▶ Data supplied
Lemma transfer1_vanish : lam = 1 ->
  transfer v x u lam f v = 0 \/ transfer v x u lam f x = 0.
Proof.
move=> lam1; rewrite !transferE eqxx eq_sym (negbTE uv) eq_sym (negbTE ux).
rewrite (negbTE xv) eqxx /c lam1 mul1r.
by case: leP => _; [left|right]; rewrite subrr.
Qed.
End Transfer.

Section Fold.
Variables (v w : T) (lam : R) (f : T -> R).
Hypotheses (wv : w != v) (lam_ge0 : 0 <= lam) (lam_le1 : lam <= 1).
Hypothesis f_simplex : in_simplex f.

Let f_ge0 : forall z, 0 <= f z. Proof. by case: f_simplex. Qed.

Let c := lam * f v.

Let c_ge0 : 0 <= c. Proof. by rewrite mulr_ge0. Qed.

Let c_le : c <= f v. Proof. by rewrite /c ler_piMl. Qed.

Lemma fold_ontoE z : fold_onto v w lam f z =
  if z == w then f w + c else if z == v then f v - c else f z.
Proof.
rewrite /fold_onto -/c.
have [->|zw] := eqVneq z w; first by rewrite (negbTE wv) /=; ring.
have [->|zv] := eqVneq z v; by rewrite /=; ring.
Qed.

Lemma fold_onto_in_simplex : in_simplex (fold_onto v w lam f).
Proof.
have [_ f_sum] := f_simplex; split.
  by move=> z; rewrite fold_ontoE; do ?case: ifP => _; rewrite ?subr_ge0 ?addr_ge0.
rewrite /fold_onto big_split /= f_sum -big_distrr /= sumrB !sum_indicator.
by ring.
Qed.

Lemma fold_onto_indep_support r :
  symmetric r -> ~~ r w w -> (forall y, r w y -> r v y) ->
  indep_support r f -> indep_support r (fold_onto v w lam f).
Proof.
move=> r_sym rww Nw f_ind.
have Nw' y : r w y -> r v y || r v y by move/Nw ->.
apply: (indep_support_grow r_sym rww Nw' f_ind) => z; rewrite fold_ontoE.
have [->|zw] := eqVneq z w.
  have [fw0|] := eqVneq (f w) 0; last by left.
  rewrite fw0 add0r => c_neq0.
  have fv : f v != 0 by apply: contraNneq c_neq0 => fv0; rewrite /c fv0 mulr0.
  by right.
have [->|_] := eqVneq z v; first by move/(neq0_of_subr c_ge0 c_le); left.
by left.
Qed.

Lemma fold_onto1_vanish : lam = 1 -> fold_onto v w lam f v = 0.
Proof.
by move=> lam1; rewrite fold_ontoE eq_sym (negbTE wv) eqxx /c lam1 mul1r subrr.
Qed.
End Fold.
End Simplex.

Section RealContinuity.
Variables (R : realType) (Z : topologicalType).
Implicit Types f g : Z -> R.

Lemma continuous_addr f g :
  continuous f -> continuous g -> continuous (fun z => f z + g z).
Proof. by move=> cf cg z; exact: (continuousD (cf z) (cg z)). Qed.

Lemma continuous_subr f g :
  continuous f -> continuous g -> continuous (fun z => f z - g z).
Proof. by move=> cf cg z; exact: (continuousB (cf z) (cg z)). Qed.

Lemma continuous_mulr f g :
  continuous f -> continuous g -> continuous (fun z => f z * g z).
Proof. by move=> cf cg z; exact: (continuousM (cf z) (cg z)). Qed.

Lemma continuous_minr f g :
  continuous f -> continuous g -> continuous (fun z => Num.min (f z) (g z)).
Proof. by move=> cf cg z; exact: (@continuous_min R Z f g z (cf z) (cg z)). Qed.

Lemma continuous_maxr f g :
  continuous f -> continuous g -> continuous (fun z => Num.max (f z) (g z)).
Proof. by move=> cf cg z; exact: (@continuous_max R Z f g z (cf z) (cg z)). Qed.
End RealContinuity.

--

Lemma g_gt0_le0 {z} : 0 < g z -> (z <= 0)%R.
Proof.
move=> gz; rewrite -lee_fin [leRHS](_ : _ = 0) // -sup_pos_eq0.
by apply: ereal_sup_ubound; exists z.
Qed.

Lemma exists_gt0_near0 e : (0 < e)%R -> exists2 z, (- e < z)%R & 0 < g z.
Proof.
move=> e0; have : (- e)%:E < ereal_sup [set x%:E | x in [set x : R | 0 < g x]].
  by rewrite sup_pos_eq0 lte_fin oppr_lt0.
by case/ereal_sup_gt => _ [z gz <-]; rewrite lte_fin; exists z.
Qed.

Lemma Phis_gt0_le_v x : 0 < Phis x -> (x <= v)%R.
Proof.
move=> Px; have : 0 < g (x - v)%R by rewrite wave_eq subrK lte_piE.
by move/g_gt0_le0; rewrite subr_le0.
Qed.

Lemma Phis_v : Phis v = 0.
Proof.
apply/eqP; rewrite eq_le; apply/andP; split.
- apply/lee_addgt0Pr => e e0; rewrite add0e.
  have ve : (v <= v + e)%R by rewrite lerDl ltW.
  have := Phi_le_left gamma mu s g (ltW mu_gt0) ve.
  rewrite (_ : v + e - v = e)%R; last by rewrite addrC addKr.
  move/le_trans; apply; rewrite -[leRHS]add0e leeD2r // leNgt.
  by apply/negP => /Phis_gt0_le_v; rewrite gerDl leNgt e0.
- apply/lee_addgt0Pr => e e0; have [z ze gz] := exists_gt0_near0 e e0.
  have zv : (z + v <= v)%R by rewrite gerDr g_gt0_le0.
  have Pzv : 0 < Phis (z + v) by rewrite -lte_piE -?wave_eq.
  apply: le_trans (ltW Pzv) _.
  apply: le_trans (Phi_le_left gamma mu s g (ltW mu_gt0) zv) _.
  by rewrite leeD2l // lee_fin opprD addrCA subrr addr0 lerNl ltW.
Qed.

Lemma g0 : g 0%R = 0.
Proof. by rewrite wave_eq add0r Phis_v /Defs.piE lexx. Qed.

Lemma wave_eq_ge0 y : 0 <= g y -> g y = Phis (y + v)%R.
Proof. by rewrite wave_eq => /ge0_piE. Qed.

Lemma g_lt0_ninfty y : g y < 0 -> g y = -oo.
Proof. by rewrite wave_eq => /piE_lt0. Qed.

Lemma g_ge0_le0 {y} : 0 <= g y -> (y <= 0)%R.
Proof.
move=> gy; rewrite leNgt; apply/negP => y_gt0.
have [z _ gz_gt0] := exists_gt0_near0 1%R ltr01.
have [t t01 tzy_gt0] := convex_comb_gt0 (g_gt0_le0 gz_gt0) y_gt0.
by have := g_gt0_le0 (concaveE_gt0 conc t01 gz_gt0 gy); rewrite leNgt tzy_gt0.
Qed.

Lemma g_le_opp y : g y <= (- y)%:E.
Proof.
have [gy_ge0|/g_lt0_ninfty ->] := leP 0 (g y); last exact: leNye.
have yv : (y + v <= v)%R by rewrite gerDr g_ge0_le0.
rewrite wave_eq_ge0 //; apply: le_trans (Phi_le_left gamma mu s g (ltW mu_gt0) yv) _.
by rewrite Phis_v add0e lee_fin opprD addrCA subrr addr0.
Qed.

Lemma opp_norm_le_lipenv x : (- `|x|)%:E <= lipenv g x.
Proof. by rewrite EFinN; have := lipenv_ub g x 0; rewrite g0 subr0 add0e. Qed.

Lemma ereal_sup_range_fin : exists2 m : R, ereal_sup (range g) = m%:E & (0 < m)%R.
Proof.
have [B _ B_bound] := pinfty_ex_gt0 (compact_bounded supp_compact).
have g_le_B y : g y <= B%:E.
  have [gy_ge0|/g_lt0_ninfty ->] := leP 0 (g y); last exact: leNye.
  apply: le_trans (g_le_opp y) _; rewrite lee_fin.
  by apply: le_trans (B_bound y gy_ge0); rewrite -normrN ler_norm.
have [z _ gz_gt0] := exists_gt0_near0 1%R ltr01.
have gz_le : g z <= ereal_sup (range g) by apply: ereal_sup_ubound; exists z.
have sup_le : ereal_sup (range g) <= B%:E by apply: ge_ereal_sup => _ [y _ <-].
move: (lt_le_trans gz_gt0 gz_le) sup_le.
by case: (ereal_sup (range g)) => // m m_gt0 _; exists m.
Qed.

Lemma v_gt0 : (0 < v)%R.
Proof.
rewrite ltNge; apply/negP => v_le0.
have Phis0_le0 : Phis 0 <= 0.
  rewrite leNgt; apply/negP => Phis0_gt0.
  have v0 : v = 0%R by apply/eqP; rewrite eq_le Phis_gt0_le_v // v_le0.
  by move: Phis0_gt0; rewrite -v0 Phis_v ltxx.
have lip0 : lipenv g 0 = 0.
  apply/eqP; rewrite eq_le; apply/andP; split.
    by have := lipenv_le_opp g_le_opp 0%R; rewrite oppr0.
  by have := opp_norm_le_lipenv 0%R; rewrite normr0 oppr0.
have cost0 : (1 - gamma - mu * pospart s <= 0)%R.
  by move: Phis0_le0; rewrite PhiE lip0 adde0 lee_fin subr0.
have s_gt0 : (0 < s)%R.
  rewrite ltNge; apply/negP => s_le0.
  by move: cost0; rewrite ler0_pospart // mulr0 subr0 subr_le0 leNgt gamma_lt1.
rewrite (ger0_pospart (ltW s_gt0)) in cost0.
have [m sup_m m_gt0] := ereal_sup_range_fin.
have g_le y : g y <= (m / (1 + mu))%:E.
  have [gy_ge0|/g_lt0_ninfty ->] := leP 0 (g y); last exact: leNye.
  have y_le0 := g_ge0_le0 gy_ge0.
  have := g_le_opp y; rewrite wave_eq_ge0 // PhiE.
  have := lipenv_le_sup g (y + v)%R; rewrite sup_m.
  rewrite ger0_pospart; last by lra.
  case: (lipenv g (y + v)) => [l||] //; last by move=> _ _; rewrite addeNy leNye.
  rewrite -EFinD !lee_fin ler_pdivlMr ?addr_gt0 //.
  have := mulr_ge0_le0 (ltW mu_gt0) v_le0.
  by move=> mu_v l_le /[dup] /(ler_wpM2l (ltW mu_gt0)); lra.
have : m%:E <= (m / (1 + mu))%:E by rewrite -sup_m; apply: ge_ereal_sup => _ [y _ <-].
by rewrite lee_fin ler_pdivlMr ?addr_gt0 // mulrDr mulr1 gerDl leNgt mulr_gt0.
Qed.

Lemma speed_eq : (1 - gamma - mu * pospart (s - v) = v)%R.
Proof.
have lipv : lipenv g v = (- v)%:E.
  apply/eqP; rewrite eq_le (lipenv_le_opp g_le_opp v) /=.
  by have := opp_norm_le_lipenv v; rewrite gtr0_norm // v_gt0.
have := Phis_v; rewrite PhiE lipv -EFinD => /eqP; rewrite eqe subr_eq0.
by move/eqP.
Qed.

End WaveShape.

--

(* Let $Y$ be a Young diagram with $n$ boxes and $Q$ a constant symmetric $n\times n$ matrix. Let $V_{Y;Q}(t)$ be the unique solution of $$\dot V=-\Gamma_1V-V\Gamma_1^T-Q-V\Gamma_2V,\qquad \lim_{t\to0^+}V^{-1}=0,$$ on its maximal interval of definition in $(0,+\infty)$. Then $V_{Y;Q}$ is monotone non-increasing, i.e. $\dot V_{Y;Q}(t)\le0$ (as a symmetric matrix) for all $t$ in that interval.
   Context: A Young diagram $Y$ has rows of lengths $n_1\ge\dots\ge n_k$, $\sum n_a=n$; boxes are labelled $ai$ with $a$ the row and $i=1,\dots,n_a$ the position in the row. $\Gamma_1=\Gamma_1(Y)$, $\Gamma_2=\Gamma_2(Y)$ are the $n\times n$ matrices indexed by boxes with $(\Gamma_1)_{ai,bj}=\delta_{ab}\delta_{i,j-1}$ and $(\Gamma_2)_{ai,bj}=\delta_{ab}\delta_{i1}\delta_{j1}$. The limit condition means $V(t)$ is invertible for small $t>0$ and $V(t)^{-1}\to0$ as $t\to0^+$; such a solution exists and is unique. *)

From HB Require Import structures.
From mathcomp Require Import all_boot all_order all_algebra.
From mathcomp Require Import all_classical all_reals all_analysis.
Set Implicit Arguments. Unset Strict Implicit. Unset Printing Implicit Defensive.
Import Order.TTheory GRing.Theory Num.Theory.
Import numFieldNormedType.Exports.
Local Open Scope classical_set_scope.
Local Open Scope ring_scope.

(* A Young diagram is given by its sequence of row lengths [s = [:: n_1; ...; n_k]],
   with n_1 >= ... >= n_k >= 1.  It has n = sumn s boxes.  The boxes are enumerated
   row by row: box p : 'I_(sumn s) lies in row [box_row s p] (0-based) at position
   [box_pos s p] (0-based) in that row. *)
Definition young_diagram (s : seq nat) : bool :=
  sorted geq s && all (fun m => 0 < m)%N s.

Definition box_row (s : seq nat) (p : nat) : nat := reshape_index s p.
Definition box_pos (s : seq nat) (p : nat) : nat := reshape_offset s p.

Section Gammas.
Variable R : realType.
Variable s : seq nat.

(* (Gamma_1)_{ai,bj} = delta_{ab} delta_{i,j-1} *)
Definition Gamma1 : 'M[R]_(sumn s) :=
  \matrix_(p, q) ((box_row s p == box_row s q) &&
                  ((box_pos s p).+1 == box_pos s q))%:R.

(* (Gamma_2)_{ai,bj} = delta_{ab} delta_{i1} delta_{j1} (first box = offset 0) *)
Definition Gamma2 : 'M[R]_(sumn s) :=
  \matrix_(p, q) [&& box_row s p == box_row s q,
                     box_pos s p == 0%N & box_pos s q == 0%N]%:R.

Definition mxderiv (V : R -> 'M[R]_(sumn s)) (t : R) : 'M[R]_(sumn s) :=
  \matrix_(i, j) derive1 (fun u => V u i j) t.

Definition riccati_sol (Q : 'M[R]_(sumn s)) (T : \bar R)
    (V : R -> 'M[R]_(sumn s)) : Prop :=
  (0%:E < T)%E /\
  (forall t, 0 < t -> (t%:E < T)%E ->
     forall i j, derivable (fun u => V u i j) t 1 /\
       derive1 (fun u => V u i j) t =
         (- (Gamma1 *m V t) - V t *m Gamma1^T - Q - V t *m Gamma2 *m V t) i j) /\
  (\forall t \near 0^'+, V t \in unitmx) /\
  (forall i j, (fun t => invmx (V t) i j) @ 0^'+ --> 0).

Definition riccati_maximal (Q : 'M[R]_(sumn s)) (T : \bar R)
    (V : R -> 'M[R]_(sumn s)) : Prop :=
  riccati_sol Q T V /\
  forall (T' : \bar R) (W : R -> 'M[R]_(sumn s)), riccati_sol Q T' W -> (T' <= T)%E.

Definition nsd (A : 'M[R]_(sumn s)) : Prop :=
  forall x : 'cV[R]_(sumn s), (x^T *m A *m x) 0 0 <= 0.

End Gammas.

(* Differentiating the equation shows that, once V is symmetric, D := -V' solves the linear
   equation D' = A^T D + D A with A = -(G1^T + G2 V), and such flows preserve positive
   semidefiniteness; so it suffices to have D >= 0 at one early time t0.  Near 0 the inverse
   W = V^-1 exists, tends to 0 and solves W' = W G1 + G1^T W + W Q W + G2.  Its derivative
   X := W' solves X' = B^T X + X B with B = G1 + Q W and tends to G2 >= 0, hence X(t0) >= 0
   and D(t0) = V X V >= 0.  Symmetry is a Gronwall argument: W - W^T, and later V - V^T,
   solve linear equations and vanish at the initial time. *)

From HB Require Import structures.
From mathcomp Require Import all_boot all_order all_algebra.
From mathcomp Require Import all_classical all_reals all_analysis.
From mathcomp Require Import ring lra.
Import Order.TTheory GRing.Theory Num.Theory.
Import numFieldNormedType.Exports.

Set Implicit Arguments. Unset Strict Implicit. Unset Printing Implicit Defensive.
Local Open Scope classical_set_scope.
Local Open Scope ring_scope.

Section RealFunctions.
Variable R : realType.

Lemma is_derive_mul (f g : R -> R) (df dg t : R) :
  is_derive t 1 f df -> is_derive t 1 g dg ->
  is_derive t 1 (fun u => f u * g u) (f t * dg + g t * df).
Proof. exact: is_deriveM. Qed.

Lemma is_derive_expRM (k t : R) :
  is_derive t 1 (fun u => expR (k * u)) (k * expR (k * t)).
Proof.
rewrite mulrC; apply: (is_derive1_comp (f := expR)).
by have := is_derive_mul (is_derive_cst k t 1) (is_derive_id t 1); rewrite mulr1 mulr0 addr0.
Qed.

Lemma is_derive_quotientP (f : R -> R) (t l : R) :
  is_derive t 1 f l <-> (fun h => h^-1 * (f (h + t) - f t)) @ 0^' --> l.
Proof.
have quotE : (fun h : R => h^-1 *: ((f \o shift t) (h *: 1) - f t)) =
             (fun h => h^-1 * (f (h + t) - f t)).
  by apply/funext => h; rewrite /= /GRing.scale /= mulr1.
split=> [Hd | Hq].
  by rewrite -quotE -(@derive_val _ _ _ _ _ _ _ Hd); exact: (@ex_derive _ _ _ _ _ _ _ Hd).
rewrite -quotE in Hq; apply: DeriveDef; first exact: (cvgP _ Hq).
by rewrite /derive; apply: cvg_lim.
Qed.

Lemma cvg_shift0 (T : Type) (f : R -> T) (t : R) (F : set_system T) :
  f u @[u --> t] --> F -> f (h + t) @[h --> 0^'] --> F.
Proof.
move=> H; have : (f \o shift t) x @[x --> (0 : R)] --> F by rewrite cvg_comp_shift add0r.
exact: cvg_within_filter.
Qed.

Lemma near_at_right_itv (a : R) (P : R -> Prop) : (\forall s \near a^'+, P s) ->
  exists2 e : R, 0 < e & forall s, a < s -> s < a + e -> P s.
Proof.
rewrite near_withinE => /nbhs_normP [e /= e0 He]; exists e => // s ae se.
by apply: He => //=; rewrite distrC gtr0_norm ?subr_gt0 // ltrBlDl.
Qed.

▶ Task directions
Look above for the line holding "by have := g_gt0_le0". Print it and every line after it, exactly, through the line holding "have gz_le : g".

▶ Result
by have := g_gt0_le0 (concaveE_gt0 conc t01 gz_gt0 gy); rewrite leNgt tzy_gt0.
Qed.

Lemma g_le_opp y : g y <= (- y)%:E.
Proof.
have [gy_ge0|/g_lt0_ninfty ->] := leP 0 (g y); last exact: leNye.
have yv : (y + v <= v)%R by rewrite gerDr g_ge0_le0.
rewrite wave_eq_ge0 //; apply: le_trans (Phi_le_left gamma mu s g (ltW mu_gt0) yv) _.
by rewrite Phis_v add0e lee_fin opprD addrCA subrr addr0.
Qed.

Lemma opp_norm_le_lipenv x : (- `|x|)%:E <= lipenv g x.
Proof. by rewrite EFinN; have := lipenv_ub g x 0; rewrite g0 subr0 add0e. Qed.

Lemma ereal_sup_range_fin : exists2 m : R, ereal_sup (range g) = m%:E & (0 < m)%R.
Proof.
have [B _ B_bound] := pinfty_ex_gt0 (compact_bounded supp_compact).
have g_le_B y : g y <= B%:E.
  have [gy_ge0|/g_lt0_ninfty ->] := leP 0 (g y); last exact: leNye.
  apply: le_trans (g_le_opp y) _; rewrite lee_fin.
  by apply: le_trans (B_bound y gy_ge0); rewrite -normrN ler_norm.
have [z _ gz_gt0] := exists_gt0_near0 1%R ltr01.
have gz_le : g z <= ereal_sup (range g) by apply: ereal_sup_ubound; exists z.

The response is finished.